== Work order ==
From the line containing "Section ExponentialPolynomials." down to the last line of the data, output each line word for word and include nothing else.

[Stored entries]
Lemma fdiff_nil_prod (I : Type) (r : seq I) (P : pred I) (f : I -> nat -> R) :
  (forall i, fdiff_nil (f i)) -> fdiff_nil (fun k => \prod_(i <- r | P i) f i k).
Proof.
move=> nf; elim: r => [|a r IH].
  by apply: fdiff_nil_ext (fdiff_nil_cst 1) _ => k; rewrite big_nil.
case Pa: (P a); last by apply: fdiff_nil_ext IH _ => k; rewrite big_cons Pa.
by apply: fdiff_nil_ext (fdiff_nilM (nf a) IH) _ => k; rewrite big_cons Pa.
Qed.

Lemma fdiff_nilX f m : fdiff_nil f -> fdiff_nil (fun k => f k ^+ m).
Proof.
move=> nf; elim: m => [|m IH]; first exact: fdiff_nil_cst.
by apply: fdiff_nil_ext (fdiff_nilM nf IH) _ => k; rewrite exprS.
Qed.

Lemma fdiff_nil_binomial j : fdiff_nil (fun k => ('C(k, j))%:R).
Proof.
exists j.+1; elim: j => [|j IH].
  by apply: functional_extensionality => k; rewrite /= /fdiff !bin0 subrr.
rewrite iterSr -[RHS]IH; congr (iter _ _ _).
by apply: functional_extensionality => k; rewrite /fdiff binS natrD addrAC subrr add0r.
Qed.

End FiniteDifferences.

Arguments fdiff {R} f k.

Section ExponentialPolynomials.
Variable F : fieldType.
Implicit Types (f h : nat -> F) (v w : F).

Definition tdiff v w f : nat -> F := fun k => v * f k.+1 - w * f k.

== Result of the exercise ==
Section ExponentialPolynomials.
Variable F : fieldType.
Implicit Types (f h : nat -> F) (v w : F).

Definition tdiff v w f : nat -> F := fun k => v * f k.+1 - w * f k.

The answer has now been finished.